[Saved data entries]
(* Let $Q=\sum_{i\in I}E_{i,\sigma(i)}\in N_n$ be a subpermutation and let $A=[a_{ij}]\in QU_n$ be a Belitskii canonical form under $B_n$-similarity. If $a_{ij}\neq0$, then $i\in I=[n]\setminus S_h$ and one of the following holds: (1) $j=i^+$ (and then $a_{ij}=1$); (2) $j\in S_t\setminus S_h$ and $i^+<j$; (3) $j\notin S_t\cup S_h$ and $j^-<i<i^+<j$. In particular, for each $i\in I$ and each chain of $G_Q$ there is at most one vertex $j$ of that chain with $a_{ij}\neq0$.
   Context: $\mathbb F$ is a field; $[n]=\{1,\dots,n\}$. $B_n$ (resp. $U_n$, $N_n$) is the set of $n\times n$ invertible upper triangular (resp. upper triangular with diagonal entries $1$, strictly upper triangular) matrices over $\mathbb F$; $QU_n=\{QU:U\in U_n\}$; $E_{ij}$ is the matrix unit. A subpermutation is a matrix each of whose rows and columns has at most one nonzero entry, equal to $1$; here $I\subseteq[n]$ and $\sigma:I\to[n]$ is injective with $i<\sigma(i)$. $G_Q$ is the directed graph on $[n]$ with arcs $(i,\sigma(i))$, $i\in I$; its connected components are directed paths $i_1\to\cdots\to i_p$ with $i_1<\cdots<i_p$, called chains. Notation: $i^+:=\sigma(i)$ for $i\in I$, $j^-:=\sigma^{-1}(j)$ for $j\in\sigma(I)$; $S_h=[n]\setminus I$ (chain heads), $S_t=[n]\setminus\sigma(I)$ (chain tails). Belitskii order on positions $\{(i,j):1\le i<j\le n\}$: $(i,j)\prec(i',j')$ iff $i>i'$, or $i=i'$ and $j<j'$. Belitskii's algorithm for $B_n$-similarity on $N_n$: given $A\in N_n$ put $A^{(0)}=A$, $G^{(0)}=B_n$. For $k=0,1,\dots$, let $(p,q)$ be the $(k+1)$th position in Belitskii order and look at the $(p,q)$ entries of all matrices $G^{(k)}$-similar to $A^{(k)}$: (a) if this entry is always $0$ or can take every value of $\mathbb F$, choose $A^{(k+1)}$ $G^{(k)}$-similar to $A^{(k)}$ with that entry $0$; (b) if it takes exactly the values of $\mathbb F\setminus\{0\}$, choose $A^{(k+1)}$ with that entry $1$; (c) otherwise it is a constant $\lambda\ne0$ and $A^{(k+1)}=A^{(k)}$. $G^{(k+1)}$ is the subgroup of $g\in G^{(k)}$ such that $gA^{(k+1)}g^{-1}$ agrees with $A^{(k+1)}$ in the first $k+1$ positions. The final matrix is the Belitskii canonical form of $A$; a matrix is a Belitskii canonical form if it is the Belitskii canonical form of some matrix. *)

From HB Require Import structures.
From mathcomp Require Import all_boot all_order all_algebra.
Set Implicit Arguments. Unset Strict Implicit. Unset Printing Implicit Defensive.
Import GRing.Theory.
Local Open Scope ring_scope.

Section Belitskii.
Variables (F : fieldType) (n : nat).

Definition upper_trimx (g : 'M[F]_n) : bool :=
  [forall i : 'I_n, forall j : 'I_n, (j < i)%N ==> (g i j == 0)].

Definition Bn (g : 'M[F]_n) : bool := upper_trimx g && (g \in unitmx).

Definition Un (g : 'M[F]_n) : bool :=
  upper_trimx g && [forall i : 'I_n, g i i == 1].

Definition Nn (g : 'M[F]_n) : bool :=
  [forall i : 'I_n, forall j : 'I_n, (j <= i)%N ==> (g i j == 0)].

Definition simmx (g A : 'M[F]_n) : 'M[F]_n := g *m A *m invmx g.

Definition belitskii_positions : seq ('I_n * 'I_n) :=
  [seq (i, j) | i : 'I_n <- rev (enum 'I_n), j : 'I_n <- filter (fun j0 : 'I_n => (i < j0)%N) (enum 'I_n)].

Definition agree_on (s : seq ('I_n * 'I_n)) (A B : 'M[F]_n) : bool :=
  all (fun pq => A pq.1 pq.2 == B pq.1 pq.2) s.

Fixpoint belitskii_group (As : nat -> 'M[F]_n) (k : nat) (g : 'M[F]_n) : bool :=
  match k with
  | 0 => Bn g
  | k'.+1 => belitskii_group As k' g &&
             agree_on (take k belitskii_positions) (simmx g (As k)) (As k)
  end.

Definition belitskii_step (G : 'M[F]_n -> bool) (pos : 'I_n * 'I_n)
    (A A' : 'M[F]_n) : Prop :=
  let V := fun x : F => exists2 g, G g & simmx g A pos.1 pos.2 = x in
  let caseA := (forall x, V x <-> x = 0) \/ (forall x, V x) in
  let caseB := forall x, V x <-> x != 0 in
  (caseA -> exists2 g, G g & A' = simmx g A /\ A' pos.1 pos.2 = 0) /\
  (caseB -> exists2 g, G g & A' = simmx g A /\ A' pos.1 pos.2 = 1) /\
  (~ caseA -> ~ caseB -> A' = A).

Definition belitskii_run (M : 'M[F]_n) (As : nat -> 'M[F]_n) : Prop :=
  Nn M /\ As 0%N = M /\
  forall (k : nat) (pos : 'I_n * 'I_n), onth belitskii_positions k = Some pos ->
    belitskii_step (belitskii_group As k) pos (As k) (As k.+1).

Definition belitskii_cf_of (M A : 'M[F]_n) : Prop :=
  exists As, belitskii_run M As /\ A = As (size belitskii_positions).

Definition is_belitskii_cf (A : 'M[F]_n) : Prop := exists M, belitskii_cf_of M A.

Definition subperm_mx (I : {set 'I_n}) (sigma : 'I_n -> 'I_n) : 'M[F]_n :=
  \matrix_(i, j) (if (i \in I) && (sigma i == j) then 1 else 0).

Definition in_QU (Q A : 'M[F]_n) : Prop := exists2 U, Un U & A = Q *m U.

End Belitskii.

Problem to solve = Only the lines above starting at the line that holds "Variables (F : fieldType) (n : nat)." and ending at the line that holds "Definition belitskii_positions : seq" are to be repeated, exactly and in full.

Result of this task =
Variables (F : fieldType) (n : nat).

Definition upper_trimx (g : 'M[F]_n) : bool :=
  [forall i : 'I_n, forall j : 'I_n, (j < i)%N ==> (g i j == 0)].

Definition Bn (g : 'M[F]_n) : bool := upper_trimx g && (g \in unitmx).

Definition Un (g : 'M[F]_n) : bool :=
  upper_trimx g && [forall i : 'I_n, g i i == 1].

Definition Nn (g : 'M[F]_n) : bool :=
  [forall i : 'I_n, forall j : 'I_n, (j <= i)%N ==> (g i j == 0)].

Definition simmx (g A : 'M[F]_n) : 'M[F]_n := g *m A *m invmx g.

Definition belitskii_positions : seq ('I_n * 'I_n) :=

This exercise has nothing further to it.